## PROBLEM STATEMENT
Using the records below, output the stretch that opens with the line containing "all singular, and" and closes with the line containing "rewrite -[RHS]mul1mx -(mulVmx uAB) -mulmxA.", exactly and including both lines, with nothing more.
··· DATASET
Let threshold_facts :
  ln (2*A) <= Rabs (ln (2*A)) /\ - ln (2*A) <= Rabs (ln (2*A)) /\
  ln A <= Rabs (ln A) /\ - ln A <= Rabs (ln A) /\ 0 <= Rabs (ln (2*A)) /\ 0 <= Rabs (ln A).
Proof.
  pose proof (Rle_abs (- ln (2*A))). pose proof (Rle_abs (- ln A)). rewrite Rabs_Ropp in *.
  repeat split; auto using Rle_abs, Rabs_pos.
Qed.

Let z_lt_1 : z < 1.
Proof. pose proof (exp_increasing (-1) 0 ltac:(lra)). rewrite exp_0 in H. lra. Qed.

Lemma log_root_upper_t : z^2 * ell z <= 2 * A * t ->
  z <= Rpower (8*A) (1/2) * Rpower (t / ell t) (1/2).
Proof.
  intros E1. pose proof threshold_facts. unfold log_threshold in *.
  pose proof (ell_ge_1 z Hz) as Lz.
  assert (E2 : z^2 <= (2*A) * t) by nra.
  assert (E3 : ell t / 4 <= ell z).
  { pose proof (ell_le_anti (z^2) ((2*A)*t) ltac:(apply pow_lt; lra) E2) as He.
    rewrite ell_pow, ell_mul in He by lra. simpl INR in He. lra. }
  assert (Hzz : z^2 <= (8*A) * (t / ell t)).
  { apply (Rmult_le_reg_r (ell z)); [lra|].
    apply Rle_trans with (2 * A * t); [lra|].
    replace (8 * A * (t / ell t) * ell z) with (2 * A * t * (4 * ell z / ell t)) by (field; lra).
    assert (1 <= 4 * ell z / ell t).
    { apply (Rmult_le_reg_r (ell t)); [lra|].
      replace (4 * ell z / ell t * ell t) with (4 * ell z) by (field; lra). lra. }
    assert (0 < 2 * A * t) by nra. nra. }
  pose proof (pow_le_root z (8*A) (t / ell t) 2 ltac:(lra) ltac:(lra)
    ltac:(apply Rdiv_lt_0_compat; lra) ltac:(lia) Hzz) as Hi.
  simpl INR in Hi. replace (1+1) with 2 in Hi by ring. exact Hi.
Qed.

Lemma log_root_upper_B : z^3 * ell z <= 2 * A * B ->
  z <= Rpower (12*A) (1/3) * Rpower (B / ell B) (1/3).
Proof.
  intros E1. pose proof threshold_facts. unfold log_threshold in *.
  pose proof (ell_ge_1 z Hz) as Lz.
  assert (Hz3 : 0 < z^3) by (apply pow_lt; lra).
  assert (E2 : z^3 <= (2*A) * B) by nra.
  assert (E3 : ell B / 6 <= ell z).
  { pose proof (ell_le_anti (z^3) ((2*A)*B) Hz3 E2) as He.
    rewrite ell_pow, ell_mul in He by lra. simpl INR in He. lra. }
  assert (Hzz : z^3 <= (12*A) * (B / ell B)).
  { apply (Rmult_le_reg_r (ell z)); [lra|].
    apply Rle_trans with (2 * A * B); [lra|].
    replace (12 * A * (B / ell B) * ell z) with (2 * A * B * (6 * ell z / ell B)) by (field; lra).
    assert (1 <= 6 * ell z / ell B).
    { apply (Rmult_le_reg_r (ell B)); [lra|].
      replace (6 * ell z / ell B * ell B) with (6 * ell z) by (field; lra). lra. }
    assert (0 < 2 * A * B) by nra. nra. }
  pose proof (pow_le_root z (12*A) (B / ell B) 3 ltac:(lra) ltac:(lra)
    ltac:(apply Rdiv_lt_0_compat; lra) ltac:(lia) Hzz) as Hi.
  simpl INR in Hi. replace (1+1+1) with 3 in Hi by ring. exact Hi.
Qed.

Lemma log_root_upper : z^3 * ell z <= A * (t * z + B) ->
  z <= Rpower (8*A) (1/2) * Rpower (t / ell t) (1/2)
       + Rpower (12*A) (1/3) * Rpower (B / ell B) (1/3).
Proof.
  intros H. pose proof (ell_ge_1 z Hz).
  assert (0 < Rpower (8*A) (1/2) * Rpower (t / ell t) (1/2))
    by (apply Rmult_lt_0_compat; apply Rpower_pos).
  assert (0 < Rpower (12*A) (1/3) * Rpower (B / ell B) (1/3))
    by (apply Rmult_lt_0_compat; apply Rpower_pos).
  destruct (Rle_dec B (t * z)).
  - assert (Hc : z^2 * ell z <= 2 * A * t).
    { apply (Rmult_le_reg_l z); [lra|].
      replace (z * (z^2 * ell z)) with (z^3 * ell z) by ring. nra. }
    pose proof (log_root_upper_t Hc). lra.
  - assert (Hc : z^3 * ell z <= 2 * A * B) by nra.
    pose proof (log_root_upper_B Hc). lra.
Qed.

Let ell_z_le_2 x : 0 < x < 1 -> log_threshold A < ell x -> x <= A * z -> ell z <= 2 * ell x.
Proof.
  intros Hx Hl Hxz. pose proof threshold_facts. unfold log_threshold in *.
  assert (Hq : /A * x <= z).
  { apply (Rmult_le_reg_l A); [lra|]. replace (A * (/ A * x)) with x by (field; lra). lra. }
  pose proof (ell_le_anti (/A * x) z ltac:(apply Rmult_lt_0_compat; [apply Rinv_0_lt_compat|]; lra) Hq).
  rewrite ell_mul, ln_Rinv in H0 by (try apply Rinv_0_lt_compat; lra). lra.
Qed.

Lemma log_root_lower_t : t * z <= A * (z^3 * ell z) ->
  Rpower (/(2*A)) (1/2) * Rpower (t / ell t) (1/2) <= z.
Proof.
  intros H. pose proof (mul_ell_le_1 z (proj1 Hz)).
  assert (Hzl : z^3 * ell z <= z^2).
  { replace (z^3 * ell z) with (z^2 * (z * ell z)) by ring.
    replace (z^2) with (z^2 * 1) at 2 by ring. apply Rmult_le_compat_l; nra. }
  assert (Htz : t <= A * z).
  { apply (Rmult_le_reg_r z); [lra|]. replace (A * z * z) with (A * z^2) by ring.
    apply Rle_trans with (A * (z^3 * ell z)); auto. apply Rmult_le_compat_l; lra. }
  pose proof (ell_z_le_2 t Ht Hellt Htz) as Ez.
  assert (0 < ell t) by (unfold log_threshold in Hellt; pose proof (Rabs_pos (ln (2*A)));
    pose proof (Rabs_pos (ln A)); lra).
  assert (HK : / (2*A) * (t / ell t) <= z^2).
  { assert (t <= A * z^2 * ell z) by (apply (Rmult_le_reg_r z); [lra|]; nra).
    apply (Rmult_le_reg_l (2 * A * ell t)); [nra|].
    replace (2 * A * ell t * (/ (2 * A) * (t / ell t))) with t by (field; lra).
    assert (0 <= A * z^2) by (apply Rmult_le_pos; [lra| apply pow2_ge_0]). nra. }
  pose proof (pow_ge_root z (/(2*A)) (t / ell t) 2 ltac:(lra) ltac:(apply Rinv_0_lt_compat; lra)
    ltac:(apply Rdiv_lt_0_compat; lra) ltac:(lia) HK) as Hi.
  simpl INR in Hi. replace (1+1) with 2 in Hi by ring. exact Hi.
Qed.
······
··· DATASET
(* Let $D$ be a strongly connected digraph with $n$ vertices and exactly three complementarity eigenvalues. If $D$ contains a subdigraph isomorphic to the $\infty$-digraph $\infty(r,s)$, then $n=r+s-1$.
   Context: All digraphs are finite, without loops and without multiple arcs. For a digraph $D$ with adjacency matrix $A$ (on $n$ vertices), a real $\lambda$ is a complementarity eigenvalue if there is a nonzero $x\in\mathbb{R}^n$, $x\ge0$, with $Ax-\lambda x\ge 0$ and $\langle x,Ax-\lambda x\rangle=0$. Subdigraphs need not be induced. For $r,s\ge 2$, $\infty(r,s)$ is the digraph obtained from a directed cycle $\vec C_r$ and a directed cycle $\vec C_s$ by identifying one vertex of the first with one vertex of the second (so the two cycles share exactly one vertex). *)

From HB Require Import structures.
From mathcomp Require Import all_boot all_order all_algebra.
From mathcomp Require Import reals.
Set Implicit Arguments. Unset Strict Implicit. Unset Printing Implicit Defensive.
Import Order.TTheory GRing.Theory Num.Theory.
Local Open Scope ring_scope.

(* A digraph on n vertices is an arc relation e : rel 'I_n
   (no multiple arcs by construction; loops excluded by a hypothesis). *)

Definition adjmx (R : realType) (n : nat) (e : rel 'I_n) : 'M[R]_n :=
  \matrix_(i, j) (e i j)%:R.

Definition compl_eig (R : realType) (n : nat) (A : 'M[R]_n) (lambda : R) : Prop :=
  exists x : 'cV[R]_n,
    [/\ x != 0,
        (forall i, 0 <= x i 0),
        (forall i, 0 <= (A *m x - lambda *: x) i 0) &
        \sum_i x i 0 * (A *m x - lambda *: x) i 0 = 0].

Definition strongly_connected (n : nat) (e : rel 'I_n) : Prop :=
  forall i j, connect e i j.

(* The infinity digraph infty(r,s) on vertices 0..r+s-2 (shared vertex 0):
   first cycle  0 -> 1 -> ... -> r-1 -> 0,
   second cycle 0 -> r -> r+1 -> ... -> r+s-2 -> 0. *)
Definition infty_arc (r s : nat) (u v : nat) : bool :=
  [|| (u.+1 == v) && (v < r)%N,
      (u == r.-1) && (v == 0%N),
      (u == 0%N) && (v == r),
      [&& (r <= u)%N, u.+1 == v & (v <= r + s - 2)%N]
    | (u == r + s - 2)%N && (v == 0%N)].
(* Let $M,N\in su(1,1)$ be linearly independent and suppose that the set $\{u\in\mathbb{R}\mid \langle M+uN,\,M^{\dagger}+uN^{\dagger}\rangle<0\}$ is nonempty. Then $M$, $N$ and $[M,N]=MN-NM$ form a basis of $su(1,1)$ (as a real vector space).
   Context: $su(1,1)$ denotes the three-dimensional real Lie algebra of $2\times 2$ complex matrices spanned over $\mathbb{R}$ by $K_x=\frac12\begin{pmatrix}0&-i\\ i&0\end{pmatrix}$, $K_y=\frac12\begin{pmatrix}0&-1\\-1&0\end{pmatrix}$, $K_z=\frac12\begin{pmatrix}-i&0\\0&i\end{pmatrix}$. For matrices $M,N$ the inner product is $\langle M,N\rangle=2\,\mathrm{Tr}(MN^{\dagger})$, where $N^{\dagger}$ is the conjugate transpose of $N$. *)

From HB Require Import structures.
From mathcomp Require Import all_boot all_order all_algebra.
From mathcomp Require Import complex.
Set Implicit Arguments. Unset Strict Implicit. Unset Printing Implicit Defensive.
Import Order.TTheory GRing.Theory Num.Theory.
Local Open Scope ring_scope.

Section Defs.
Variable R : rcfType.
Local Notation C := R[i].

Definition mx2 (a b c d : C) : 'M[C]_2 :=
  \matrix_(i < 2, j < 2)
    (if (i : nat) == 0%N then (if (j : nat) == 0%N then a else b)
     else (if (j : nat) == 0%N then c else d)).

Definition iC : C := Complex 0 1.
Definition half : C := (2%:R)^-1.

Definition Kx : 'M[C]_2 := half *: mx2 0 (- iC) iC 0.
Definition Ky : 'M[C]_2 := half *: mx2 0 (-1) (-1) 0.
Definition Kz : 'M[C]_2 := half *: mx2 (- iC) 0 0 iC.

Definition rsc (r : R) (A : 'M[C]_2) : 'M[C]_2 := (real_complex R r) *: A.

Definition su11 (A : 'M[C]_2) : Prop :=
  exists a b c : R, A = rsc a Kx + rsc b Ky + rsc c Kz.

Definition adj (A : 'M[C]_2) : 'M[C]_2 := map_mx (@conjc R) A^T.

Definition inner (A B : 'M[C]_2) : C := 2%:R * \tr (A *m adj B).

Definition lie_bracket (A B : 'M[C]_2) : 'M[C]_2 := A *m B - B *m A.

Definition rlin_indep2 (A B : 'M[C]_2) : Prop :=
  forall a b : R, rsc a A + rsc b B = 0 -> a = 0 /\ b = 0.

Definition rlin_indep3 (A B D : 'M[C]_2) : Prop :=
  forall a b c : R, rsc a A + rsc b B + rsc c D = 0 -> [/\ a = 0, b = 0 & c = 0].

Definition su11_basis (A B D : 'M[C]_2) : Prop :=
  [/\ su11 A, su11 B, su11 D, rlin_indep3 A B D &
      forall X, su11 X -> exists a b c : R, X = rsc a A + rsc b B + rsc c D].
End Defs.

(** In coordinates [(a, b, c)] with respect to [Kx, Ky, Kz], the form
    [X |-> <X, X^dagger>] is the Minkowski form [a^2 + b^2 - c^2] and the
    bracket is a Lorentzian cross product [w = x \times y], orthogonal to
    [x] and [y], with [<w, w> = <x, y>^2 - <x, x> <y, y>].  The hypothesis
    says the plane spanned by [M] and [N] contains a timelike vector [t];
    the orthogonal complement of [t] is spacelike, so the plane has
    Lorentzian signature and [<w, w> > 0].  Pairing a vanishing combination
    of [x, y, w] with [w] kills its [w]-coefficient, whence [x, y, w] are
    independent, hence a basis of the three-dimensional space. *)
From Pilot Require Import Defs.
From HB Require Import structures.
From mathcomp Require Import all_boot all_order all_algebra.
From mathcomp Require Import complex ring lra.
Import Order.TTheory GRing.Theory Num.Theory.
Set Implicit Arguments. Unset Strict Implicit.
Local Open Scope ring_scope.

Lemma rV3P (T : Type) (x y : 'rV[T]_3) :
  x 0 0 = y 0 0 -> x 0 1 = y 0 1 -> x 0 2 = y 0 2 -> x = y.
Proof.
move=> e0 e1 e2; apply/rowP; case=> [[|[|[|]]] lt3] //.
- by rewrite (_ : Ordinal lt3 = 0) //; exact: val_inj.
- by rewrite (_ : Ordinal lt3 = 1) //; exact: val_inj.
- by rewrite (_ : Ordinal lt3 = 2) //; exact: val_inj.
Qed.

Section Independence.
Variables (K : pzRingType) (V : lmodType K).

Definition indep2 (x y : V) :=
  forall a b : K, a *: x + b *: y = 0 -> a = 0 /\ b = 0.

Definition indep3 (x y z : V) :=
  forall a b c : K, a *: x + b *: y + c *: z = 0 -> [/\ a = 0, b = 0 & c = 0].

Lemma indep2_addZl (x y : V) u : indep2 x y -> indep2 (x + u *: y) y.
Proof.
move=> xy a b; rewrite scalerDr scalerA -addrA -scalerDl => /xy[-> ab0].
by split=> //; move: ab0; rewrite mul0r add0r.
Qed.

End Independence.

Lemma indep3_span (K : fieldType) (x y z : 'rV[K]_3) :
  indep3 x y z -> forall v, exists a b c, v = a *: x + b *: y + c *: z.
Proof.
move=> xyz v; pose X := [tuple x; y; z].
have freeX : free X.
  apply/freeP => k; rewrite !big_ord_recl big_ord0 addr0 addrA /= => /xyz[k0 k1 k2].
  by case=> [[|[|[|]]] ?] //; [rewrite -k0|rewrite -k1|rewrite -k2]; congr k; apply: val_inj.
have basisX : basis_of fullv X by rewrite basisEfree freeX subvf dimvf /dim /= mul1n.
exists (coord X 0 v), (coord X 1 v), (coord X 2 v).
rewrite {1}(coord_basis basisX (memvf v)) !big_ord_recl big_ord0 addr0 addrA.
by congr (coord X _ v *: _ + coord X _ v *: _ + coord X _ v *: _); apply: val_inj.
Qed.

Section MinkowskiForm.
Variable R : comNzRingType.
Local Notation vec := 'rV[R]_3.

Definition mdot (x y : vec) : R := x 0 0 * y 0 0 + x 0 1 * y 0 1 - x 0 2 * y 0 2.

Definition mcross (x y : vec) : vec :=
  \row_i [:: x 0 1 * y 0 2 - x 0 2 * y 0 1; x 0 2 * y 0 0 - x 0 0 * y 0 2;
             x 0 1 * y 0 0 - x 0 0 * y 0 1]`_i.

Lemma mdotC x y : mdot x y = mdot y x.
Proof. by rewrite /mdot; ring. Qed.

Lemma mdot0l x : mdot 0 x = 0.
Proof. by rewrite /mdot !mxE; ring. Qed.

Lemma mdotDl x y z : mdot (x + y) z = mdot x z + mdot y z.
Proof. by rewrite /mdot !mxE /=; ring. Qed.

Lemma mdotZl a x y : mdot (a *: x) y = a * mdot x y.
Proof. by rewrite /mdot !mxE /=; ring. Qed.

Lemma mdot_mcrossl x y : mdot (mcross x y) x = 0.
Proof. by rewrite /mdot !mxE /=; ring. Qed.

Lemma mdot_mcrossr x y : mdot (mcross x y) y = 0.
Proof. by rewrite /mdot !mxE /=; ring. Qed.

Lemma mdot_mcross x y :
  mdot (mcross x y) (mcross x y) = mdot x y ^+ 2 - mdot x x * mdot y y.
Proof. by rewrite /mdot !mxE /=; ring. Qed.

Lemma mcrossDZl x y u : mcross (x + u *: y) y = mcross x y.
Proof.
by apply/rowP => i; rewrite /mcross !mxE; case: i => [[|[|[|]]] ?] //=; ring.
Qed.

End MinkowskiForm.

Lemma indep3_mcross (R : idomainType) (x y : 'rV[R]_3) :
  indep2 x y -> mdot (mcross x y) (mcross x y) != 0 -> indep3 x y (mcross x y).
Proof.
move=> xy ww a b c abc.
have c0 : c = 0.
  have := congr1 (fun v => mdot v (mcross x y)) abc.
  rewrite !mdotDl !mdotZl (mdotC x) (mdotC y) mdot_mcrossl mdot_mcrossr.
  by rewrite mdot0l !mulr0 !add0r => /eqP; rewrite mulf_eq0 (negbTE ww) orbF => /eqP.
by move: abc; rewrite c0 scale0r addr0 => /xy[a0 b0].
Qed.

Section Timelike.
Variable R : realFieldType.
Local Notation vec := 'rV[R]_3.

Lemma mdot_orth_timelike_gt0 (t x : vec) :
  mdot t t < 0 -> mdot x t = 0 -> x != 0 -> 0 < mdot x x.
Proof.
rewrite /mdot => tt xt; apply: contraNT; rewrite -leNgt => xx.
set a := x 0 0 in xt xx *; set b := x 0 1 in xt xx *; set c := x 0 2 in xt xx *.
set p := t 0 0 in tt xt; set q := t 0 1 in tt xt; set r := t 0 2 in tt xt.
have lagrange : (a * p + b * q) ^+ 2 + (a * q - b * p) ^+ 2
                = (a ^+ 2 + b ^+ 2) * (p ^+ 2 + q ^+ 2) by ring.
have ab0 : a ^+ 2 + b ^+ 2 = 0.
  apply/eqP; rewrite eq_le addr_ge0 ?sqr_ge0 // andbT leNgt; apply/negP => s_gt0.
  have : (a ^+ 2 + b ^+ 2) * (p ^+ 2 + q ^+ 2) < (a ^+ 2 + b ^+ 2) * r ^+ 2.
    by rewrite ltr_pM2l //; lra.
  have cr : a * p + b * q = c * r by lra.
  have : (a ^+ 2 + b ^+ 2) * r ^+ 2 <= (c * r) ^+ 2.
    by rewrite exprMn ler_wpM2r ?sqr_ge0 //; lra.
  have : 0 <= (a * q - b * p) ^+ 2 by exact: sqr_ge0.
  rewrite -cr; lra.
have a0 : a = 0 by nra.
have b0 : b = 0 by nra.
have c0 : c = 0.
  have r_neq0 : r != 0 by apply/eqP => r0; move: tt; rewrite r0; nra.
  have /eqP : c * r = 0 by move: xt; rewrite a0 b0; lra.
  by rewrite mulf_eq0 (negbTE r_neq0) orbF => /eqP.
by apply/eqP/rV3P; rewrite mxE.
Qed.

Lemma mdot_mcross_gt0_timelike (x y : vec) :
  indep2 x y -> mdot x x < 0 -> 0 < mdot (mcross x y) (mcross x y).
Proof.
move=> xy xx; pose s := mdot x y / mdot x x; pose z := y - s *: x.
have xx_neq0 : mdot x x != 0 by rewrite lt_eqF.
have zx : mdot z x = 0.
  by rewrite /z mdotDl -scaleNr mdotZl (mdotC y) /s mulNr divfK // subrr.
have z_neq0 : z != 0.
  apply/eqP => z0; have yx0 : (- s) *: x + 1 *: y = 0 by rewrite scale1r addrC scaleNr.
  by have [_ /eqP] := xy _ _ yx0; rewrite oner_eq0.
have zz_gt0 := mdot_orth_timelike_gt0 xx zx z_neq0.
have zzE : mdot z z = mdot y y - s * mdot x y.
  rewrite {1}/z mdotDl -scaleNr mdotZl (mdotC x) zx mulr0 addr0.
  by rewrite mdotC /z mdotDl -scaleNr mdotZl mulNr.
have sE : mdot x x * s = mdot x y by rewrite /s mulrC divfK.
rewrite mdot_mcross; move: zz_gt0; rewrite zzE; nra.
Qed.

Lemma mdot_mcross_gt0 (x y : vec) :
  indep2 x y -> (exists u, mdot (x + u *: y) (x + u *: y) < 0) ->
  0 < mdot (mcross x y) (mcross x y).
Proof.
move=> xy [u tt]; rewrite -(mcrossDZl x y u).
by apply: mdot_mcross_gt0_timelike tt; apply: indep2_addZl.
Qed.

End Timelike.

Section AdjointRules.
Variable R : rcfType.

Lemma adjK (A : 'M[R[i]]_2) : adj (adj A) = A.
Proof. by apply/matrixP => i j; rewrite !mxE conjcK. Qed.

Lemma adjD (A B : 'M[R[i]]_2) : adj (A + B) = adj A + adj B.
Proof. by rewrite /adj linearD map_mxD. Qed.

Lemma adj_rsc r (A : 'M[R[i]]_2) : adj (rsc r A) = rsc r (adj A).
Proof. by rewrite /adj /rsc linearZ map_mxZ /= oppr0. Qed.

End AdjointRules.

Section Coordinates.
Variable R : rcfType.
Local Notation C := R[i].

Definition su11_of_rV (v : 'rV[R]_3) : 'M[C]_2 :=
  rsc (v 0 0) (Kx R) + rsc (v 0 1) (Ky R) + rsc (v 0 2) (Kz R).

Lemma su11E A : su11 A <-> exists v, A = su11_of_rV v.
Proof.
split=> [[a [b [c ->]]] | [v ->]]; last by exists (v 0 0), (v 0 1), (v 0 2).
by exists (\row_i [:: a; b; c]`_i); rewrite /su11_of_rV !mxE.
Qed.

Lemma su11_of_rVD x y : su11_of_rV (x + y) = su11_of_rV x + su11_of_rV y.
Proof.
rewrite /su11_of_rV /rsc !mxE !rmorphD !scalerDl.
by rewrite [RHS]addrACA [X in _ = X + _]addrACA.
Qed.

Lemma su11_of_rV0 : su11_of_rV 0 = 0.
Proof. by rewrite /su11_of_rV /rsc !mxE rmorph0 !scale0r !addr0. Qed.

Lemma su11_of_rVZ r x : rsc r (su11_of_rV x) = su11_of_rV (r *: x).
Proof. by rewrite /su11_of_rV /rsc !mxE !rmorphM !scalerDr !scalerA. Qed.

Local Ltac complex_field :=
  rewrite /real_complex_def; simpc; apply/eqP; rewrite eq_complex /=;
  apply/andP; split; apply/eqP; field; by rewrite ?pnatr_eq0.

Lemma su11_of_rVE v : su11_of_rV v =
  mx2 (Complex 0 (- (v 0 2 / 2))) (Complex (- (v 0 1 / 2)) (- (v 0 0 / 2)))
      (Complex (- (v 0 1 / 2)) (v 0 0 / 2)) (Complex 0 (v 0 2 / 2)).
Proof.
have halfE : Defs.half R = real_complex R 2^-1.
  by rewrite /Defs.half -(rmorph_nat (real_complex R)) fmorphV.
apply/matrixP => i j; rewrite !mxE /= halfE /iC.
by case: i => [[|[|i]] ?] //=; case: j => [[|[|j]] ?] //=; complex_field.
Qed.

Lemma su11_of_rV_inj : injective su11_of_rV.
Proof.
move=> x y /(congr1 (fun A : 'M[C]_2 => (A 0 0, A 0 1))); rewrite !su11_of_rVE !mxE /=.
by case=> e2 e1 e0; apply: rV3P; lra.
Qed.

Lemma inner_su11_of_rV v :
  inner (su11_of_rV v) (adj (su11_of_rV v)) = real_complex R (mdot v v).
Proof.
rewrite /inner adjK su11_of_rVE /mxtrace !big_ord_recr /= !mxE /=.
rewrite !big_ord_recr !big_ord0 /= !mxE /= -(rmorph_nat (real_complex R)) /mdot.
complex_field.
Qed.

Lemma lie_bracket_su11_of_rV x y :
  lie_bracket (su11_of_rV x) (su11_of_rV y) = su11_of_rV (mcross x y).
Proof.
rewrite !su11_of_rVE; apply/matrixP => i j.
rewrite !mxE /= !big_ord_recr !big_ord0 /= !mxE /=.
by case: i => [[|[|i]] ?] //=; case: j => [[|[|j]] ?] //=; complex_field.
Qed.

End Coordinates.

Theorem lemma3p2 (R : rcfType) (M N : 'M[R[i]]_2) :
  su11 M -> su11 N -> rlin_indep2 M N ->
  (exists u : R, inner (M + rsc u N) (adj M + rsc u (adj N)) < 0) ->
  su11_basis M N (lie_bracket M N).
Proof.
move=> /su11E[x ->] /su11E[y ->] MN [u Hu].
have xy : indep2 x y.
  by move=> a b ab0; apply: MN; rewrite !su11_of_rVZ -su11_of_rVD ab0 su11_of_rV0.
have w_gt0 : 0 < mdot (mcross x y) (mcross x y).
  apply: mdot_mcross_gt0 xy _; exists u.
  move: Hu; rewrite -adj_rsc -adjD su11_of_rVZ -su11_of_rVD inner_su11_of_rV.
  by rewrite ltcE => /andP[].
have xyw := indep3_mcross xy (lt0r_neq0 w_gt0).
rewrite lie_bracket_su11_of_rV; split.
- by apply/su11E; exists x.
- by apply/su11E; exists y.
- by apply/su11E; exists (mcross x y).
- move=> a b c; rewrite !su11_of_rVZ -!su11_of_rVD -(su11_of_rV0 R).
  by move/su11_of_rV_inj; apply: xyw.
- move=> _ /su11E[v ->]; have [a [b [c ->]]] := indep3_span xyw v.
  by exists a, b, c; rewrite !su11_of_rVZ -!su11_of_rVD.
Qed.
······
··· DATASET
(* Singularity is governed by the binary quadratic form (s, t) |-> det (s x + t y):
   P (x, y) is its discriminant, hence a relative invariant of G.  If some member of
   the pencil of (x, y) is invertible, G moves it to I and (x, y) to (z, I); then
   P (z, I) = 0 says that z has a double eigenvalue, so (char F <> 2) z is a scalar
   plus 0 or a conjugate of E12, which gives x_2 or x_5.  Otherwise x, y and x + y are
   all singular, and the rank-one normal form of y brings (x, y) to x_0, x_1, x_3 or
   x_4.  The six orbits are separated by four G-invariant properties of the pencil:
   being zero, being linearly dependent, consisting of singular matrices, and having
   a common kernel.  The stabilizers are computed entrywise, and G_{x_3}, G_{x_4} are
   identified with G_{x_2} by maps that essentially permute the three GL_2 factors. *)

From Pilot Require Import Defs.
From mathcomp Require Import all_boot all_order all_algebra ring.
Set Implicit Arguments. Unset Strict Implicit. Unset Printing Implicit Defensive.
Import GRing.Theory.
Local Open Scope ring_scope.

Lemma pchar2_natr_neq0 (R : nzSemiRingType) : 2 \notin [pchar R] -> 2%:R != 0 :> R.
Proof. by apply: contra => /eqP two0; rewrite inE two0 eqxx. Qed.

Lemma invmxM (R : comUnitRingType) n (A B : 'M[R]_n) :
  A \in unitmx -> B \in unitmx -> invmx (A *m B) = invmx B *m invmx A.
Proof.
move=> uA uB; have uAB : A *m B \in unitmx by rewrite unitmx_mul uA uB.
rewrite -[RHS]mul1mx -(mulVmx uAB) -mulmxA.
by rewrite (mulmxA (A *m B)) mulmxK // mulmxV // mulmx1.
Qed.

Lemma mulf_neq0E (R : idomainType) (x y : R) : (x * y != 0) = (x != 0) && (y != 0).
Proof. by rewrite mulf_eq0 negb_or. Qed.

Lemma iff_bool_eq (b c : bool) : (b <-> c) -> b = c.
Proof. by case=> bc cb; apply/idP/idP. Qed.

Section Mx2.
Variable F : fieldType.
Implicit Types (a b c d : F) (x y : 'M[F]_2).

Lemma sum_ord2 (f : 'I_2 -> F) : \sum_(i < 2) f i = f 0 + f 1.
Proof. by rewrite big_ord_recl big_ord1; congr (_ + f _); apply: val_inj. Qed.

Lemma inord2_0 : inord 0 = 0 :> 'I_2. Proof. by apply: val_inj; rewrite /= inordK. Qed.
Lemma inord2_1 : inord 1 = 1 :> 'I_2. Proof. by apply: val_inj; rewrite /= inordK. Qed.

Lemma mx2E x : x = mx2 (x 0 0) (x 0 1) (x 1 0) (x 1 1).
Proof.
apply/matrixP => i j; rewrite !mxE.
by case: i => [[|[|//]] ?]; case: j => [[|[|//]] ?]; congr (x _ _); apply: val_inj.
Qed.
······
## WRITTEN ANSWER
   all singular, and the rank-one normal form of y brings (x, y) to x_0, x_1, x_3 or
   x_4.  The six orbits are separated by four G-invariant properties of the pencil:
   being zero, being linearly dependent, consisting of singular matrices, and having
   a common kernel.  The stabilizers are computed entrywise, and G_{x_3}, G_{x_4} are
   identified with G_{x_2} by maps that essentially permute the three GL_2 factors. *)

From Pilot Require Import Defs.
From mathcomp Require Import all_boot all_order all_algebra ring.
Set Implicit Arguments. Unset Strict Implicit. Unset Printing Implicit Defensive.
Import GRing.Theory.
Local Open Scope ring_scope.

Lemma pchar2_natr_neq0 (R : nzSemiRingType) : 2 \notin [pchar R] -> 2%:R != 0 :> R.
Proof. by apply: contra => /eqP two0; rewrite inE two0 eqxx. Qed.

Lemma invmxM (R : comUnitRingType) n (A B : 'M[R]_n) :
  A \in unitmx -> B \in unitmx -> invmx (A *m B) = invmx B *m invmx A.
Proof.
move=> uA uB; have uAB : A *m B \in unitmx by rewrite unitmx_mul uA uB.
rewrite -[RHS]mul1mx -(mulVmx uAB) -mulmxA.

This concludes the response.